Em entrevista exclusiva ao Correio do Estado, o presidente do Sindicato das Indústrias de Papel e Celulose de Mato Grosso do Sul (Sinpacems) e diretor de sustentabilidade, comunicação e recursos humanos da Eldorado Brasil, Elcio Trajano Júnior, comentou os avanços em capacitação, os desafios de atrair e reter talentos e o papel estratégico da indústria na transformação social e econômica do Estado.

Ele destacou que Mato Grosso do Sul vive um momento de expansão no setor de papel e celulose, que já responde por 10,7% do Produto Interno Bruto (PIB) estadual, e movimenta R$ 15,7 bilhões por ano.

“O impacto vai além da economia atual, de acordo com estudo da Indústria Brasileira de Árvores (Ibá). A expansão prevista do setor até 2032 deve gerar cerca de 93 mil novos empregos, sendo 24 mil diretos e 69 mil indiretos, consolidando o chamado Vale da Celulose como um dos maiores polos florestais e industriais do mundo”, destacou. Confira abaixo a entrevista completa.

Como o senhor avalia o cenário atual de empregabilidade no setor de celulose em Mato Grosso do Sul?

O momento é muito positivo, mas também desafiador. Hoje, o setor florestal já é um dos que mais geram empregos formais no Estado. Só em 2024, fechou com saldo positivo de 12.412 empregos e, no primeiro semestre deste ano, já abriu 26.755 novos empregos formais, tendo a celulose como protagonista.

Mato Grosso do Sul vive um momento de expansão no setor de papel e celulose, que já responde por 10,7% do Produto Interno Bruto estadual e movimenta R$ 15,7 bilhões por ano.

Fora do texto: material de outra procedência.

Definition noetherian (R : comNzRingType) : Prop :=
  forall I : nat -> (R -> Prop),
    (forall n, is_ideal (I n)) ->
    (forall n x, I n x -> I n.+1 x) ->
    exists N, forall n, (N <= n)%N -> forall x, I n x -> I N x.

Definition strict_subset (R : Type) (P Q : R -> Prop) : Prop :=
  (forall x, P x -> Q x) /\ exists x, Q x /\ ~ P x.

Definition prime_chain (R : comNzRingType) (n : nat) (c : nat -> (R -> Prop)) : Prop :=
  (forall i, (i <= n)%N -> is_prime_ideal (c i)) /\
  (forall i, (i < n)%N -> strict_subset (c i) (c i.+1)).

Definition krull_dim_eq (R : comNzRingType) (d : nat) : Prop :=
  (exists c, @prime_chain R d c) /\
  (forall m c, @prime_chain R m c -> (m <= d)%N).

Definition spec_countable (R : comNzRingType) : Prop :=
  exists f : nat -> (R -> Prop),
    forall P, is_prime_ideal P -> exists n, forall x, P x <-> f n x.

Definition mult_closed (R : comNzRingType) (A : R -> Prop) : Prop :=
  A 1 /\ forall x y, A x -> A y -> A (x * y).

Definition localization_is_fraction_field (R : idomainType) (A : R -> Prop) : Prop :=
  forall z : {fraction R}, exists a s : R,
    A s /\ z = (@FracField.tofrac R a) / (@FracField.tofrac R s).

Definition is_field_ring (R : idomainType) : Prop :=
  forall x : R, x != 0 -> x \is a GRing.unit.

(* Every nonzero prime P of R is maximal among primes.  Otherwise take P ⊊ Q,
   0 != p in P, and q in Q outside P and outside those minimal primes of p that do
   not contain Q.  The uncountably many nonzero elements q + λp (λ in the field)
   each divide some element of the countable set A, so a single s in A has
   infinitely many of them as divisors; the ascending chain condition and a
   Vandermonde argument then give p^m in (q + λp) for some λ.  A minimal prime M
   over q + λp inside Q contains p and q, hence lies strictly above P or above a
   minimal prime of p, contradicting Krull's principal ideal theorem.  So R has
   dimension 1, and each nonzero prime, containing some s in A, is one of the
   finitely many minimal primes over s: Spec R is countable. *)

From HB Require Import structures.
From mathcomp Require Import all_boot all_order all_algebra.
From mathcomp Require Import ring.
From Stdlib Require Import Classical ClassicalEpsilon.
Import GRing.Theory.
Set Implicit Arguments. Unset Strict Implicit. Unset Printing Implicit Defensive.
Local Open Scope ring_scope.

Definition included (T : Type) (I J : T -> Prop) := forall r, I r -> J r.

Section Ideals.
Variable R : comNzRingType.
Implicit Types (I J P : R -> Prop) (x y r : R).

Lemma mem_ideal0 I : is_ideal I -> I 0.
Proof. by case. Qed.

Lemma mem_idealD I x y : is_ideal I -> I x -> I y -> I (x + y).
Proof. by case=> _ h _; apply: h. Qed.

Lemma mem_idealMl I r x : is_ideal I -> I x -> I (r * x).
Proof. by case=> _ _ h; apply: h. Qed.

Lemma mem_idealMr I r x : is_ideal I -> I x -> I (x * r).
Proof. by move=> hI hx; rewrite mulrC; apply: mem_idealMl. Qed.

Lemma mem_idealN I x : is_ideal I -> I x -> I (- x).
Proof. by move=> hI hx; rewrite -mulN1r; apply: mem_idealMl. Qed.

Lemma mem_idealB I x y : is_ideal I -> I x -> I y -> I (x - y).
Proof. by move=> hI hx hy; apply: mem_idealD => //; apply: mem_idealN. Qed.

Lemma prime_ideal_ideal P : is_prime_ideal P -> is_ideal P.
Proof. by case. Qed.

Lemma prime_idealM_neq P u v : is_prime_ideal P -> ~ P u -> ~ P v -> ~ P (u * v).
Proof. by case=> _ _ h hu hv /h []. Qed.

Lemma prime_ideal_prod P n (a : nat -> R) :
  is_prime_ideal P -> P (\prod_(i < n) a i) -> exists2 i, (i < n)%N & P (a i).
Proof.
case=> _ hP1 hp; elim: n => [|n IH]; first by rewrite big_ord0.
rewrite big_ord_recr /= => /hp [/IH [i hi hPi]|hn]; last by exists n.
by exists i => //; apply: ltnW.
Qed.

Lemma prime_idealX P n x : is_prime_ideal P -> P (x ^+ n) -> P x.
Proof.
case=> _ hP1 hp; elim: n => [|n IH]; first by rewrite expr0.
by rewrite exprS => /hp [].
Qed.

Definition principal x := fun r => exists c, r = c * x.

Lemma principal_ideal x : is_ideal (principal x).
Proof.
split.
- by exists 0; rewrite mul0r.
- by move=> a b [c1 ->] [c2 ->]; exists (c1 + c2); rewrite mulrDl.
- by move=> r a [c ->]; exists (r * c); rewrite mulrA.
Qed.

Lemma principal_id x : principal x x.
Proof. by exists 1; rewrite mul1r. Qed.

Lemma principal_included I x : is_ideal I -> I x -> included (principal x) I.
Proof. by move=> hI hx r [c ->]; apply: mem_idealMl. Qed.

O impacto vai além da economia atual, de acordo com estudo da Indústria Brasileira de Árvores. A expansão prevista do setor até 2032 deve gerar cerca de 93 mil novos empregos, sendo 24 mil diretos e 69 mil indiretos, consolidando o chamado Vale da Celulose como um dos maiores polos florestais e industriais do mundo.

Com a chegada de novos empreendimentos na região, e até algumas fábricas que já estão em construção, tudo indica que essa alta demanda por mão de obra se mantenha nos próximos anos. A Eldorado Brasil, por exemplo, de janeiro a agosto de 2025, fechou mais de 1.600 posições, e ainda temos 264 vagas em aberto.

Ou seja, embora o número de contratações siga em ritmo acelerado e crescente, o setor ainda enfrenta um deficit significativo de pessoas qualificadas, muito atrelado à competitividade da região e às diferentes oportunidades que o profissional encontra aqui.

Isso mostra o quanto precisamos investir em pessoas – e isso é feito por meio da capacitação, valorização e do cuidado com o colaborador e com a família dele.

Quais políticas ou práticas de retenção de talentos você considera mais importantes para o setor?

A retenção de talentos é uma prática multifacetada e requer estratégia e atualização constante, com equilíbrio entre bom ambiente de trabalho, remuneração compatível, benefícios e uma cultura organizacional forte. Vejo que o grande diferencial está em criar pertencimento, em que cada colaborador se sinta parte do projeto.

O setor de papel e celulose lança mão da profissionalização, de aperfeiçoamentos constantes e de estruturas de trabalho cada vez melhores, confortáveis e tecnológicas, incluindo as atividades no campo, em que se concentra grande parte dos trabalhadores.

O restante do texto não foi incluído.